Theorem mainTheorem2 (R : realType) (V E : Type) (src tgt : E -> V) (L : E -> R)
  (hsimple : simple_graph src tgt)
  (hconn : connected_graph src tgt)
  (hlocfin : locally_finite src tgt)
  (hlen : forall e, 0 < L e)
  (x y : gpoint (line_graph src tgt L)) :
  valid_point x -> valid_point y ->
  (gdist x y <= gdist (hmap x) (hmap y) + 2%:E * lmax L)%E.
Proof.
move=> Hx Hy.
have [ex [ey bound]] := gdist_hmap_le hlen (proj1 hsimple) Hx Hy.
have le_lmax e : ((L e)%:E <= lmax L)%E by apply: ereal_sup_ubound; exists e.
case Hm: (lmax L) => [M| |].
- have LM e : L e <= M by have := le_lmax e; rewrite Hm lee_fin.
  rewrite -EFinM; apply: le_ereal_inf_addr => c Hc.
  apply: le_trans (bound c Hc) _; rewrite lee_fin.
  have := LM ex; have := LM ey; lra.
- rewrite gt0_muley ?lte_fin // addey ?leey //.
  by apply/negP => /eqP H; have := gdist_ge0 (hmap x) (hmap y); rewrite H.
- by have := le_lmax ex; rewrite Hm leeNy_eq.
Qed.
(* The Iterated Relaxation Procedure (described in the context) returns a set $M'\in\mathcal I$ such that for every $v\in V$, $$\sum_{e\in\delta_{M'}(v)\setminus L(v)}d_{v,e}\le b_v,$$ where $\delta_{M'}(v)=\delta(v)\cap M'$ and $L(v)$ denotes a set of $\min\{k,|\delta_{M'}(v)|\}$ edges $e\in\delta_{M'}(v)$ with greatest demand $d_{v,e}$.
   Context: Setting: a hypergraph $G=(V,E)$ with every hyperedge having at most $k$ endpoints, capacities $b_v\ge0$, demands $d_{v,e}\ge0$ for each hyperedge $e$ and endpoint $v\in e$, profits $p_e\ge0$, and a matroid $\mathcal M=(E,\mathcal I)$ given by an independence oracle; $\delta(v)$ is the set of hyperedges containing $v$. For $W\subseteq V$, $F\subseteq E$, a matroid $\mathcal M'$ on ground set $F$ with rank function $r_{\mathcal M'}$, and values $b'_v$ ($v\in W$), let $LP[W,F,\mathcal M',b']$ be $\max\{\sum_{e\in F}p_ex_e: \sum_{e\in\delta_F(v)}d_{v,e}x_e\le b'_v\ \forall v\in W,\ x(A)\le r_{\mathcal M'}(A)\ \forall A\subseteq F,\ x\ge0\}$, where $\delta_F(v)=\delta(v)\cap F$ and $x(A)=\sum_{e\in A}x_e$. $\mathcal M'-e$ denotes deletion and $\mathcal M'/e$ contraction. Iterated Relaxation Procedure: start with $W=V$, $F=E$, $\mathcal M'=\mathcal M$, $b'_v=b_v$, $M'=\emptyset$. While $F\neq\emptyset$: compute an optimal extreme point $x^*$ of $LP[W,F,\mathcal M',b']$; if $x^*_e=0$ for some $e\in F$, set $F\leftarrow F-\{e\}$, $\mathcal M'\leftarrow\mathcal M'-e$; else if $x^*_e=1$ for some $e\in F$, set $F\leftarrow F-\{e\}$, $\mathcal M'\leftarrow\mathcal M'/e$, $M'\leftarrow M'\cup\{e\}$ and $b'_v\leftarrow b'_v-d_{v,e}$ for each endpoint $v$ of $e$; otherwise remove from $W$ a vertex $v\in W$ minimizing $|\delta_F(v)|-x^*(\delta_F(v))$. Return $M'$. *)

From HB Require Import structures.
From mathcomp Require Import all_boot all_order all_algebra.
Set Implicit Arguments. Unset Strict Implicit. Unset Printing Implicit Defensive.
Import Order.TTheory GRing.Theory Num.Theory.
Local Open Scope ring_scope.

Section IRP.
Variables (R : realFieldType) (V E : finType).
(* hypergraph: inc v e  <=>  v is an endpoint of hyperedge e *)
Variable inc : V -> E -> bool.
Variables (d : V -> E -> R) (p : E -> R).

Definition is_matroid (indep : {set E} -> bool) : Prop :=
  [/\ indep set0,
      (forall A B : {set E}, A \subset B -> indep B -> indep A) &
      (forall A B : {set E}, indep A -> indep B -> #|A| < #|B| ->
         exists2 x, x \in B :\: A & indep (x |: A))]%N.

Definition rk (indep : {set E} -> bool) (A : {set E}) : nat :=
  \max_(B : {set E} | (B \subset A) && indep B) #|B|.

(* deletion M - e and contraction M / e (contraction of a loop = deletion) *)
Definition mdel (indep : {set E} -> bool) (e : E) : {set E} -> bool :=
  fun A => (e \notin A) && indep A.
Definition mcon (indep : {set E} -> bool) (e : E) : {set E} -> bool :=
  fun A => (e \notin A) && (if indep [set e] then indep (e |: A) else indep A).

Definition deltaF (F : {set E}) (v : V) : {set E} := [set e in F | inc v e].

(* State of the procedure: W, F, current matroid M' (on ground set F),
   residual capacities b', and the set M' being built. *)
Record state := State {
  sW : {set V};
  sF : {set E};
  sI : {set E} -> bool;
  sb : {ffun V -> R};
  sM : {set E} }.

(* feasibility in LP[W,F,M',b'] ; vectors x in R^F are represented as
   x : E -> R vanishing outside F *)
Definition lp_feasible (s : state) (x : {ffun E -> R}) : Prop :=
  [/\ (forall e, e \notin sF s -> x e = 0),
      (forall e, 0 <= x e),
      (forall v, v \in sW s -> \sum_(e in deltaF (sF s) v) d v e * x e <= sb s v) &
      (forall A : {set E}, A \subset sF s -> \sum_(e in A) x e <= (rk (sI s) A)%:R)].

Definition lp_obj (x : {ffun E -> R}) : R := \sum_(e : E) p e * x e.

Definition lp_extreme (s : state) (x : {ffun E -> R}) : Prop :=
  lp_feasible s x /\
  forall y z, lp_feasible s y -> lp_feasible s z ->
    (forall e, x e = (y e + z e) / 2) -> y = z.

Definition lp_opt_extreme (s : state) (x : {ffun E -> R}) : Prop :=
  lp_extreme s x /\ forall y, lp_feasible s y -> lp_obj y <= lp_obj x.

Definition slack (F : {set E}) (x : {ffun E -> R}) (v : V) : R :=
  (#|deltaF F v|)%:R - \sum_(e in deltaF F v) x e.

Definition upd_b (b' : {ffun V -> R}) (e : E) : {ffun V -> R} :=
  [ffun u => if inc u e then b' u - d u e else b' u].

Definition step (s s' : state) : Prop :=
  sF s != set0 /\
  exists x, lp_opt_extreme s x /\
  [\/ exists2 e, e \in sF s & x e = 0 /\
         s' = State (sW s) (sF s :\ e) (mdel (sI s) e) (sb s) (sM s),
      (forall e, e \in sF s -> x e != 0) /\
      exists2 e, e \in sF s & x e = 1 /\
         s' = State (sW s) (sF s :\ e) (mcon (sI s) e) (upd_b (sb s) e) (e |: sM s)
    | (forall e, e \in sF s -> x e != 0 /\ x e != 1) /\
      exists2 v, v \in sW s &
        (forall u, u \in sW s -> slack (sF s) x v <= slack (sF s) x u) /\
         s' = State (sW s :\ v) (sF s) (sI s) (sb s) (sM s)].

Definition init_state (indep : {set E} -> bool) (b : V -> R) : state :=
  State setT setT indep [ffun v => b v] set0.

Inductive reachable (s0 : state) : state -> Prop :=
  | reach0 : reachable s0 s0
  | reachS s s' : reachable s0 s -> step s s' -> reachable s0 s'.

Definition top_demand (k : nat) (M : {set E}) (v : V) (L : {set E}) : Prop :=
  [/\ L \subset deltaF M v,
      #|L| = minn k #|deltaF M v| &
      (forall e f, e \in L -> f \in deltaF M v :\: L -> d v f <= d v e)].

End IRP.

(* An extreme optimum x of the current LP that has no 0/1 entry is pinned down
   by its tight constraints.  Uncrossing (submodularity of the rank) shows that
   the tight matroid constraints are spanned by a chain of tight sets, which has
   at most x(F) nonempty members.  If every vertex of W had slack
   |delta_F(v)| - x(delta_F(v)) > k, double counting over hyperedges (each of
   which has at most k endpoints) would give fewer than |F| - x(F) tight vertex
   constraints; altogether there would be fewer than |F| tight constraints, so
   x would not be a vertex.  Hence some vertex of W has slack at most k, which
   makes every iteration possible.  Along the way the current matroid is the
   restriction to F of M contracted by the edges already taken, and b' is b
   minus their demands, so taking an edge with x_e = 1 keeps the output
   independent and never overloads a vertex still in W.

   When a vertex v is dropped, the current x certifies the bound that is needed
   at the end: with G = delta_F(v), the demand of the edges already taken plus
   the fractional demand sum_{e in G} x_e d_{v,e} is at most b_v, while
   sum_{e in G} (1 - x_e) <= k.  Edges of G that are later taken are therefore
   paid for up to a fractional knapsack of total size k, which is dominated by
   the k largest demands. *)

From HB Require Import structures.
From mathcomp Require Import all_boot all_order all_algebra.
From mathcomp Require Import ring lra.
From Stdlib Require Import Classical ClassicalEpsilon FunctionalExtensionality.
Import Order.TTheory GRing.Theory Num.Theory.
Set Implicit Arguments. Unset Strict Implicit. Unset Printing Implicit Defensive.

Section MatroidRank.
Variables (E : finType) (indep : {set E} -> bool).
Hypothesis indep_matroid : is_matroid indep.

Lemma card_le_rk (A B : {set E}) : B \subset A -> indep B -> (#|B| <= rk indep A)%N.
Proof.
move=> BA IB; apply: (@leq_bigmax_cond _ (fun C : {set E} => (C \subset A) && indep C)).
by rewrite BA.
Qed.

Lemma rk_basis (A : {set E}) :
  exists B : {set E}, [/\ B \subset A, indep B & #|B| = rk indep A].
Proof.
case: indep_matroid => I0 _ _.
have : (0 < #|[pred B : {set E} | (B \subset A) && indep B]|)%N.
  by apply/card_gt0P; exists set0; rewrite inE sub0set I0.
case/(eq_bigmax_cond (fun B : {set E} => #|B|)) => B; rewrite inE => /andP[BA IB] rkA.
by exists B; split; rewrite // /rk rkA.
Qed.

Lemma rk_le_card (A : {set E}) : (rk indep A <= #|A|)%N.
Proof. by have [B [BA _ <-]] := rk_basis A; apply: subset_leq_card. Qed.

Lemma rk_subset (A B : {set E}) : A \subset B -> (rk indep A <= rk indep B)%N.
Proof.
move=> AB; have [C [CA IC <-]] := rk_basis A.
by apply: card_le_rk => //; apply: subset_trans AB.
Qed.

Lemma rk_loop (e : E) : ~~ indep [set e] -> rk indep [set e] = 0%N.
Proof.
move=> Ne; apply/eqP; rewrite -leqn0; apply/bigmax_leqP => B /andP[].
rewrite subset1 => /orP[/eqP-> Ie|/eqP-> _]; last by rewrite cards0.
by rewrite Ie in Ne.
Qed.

----------

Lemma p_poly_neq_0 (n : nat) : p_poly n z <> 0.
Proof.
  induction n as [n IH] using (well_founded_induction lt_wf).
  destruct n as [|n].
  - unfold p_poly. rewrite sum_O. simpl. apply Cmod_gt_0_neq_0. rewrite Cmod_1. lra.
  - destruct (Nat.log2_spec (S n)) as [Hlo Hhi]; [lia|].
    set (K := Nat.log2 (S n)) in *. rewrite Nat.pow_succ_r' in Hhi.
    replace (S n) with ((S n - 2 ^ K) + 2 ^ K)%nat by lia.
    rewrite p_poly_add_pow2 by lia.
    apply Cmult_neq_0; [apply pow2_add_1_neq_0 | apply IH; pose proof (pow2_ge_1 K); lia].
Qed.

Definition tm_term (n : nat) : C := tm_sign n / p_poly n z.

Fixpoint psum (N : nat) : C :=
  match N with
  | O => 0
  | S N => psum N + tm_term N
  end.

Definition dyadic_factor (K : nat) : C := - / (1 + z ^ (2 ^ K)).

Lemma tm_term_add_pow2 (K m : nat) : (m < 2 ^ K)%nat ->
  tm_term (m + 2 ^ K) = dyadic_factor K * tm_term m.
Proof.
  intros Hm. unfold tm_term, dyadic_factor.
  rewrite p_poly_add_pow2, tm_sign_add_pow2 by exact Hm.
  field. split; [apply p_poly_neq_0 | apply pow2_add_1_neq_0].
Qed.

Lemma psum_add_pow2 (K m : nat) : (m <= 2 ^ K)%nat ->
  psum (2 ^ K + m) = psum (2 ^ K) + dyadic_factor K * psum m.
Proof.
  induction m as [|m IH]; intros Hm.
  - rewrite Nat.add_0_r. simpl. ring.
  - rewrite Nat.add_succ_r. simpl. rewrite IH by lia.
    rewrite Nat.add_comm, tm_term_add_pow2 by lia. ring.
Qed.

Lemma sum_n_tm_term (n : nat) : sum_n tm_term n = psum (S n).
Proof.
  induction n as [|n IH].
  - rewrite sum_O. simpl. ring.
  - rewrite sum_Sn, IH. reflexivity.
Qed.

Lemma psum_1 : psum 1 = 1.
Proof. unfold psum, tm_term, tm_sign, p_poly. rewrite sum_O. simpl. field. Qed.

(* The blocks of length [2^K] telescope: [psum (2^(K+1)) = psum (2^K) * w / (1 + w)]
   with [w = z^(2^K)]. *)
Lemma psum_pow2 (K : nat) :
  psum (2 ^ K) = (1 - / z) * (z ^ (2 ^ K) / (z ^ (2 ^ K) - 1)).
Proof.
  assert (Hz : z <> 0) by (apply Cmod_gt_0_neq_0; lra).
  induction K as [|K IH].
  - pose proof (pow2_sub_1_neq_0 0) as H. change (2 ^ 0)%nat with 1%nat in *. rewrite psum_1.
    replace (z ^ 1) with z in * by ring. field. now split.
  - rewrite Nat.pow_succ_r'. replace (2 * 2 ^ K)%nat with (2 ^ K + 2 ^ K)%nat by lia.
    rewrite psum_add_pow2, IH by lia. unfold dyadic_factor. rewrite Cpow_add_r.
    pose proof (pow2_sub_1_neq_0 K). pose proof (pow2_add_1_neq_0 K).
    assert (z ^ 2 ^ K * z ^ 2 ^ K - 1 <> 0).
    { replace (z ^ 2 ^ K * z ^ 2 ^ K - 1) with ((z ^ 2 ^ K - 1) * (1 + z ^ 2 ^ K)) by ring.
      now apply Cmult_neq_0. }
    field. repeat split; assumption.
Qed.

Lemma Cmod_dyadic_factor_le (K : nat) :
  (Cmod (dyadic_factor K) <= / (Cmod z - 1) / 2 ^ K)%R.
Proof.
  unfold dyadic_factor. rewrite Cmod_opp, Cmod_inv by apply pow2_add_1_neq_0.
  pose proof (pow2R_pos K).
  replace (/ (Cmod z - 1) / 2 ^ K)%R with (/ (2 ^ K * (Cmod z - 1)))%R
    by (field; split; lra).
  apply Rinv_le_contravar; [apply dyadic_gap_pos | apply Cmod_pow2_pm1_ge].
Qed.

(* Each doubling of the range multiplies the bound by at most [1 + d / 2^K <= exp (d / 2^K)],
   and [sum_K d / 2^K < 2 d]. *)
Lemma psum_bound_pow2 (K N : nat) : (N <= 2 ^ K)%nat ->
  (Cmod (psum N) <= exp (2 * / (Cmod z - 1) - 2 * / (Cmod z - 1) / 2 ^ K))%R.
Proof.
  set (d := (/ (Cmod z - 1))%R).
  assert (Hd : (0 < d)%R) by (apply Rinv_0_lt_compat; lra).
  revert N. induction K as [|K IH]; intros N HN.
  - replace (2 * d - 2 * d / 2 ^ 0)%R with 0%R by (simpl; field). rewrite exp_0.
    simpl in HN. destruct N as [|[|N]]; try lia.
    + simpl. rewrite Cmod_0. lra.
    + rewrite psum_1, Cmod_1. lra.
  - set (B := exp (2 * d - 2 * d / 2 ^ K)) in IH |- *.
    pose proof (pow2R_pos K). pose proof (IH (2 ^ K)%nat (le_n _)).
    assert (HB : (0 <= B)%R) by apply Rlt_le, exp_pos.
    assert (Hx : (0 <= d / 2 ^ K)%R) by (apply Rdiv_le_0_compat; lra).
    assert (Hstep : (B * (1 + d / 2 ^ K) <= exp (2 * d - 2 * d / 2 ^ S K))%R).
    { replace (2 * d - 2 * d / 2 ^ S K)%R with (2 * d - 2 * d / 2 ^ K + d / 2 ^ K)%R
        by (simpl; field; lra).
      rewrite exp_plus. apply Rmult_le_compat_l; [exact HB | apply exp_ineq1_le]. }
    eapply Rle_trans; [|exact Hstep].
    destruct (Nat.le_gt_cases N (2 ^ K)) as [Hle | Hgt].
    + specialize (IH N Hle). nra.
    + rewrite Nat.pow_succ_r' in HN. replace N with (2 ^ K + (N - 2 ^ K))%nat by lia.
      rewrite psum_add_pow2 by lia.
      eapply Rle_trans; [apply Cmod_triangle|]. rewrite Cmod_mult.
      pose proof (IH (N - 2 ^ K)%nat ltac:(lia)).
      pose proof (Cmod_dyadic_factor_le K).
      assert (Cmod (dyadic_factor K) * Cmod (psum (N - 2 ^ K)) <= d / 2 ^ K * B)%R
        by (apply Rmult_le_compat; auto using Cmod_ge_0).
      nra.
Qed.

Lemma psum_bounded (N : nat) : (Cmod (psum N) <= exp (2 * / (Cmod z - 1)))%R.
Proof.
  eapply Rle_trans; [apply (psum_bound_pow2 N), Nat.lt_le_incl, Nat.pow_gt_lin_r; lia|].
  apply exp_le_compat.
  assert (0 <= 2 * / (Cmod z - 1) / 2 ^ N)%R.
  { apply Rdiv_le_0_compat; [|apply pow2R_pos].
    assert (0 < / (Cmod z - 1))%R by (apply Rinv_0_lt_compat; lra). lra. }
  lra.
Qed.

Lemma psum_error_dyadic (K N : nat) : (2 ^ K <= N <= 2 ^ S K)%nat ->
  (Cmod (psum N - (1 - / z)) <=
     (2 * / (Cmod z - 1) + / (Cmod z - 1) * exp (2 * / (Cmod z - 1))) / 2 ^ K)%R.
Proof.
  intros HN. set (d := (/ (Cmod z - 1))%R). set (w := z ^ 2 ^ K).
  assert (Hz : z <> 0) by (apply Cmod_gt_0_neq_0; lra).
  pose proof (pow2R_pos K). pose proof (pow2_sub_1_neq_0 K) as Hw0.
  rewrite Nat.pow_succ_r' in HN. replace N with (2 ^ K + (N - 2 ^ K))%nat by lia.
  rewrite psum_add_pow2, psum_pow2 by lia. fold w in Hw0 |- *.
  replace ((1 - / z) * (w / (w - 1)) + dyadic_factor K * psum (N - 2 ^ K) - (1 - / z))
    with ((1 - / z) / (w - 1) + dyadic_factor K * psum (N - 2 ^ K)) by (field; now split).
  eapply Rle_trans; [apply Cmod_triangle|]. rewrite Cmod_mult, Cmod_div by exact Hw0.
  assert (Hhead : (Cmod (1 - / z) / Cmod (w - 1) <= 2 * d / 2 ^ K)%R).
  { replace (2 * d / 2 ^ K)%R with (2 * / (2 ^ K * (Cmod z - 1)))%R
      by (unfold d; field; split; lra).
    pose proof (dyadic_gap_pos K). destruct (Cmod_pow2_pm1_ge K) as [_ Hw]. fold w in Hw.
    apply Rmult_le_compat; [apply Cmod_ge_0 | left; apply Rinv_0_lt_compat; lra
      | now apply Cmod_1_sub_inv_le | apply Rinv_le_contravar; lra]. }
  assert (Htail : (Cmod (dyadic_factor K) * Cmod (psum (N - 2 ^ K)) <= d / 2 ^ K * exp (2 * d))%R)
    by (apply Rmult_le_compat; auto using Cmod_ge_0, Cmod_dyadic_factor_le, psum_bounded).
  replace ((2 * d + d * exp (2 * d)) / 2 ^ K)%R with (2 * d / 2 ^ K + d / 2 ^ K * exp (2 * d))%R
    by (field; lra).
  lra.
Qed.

----------

● **DIRECTIONS FOR THIS TASK**:
Would you retype the lines above from the one with "Theorem mainTheorem2 (R" down to the one with "apply: le_trans (bound", word for word, both ends included and no other lines?

● **TASK SOLUTION**:
Theorem mainTheorem2 (R : realType) (V E : Type) (src tgt : E -> V) (L : E -> R)
  (hsimple : simple_graph src tgt)
  (hconn : connected_graph src tgt)
  (hlocfin : locally_finite src tgt)
  (hlen : forall e, 0 < L e)
  (x y : gpoint (line_graph src tgt L)) :
  valid_point x -> valid_point y ->
  (gdist x y <= gdist (hmap x) (hmap y) + 2%:E * lmax L)%E.
Proof.
move=> Hx Hy.
have [ex [ey bound]] := gdist_hmap_le hlen (proj1 hsimple) Hx Hy.
have le_lmax e : ((L e)%:E <= lmax L)%E by apply: ereal_sup_ubound; exists e.
case Hm: (lmax L) => [M| |].
- have LM e : L e <= M by have := le_lmax e; rewrite Hm lee_fin.
  rewrite -EFinM; apply: le_ereal_inf_addr => c Hc.
  apply: le_trans (bound c Hc) _; rewrite lee_fin.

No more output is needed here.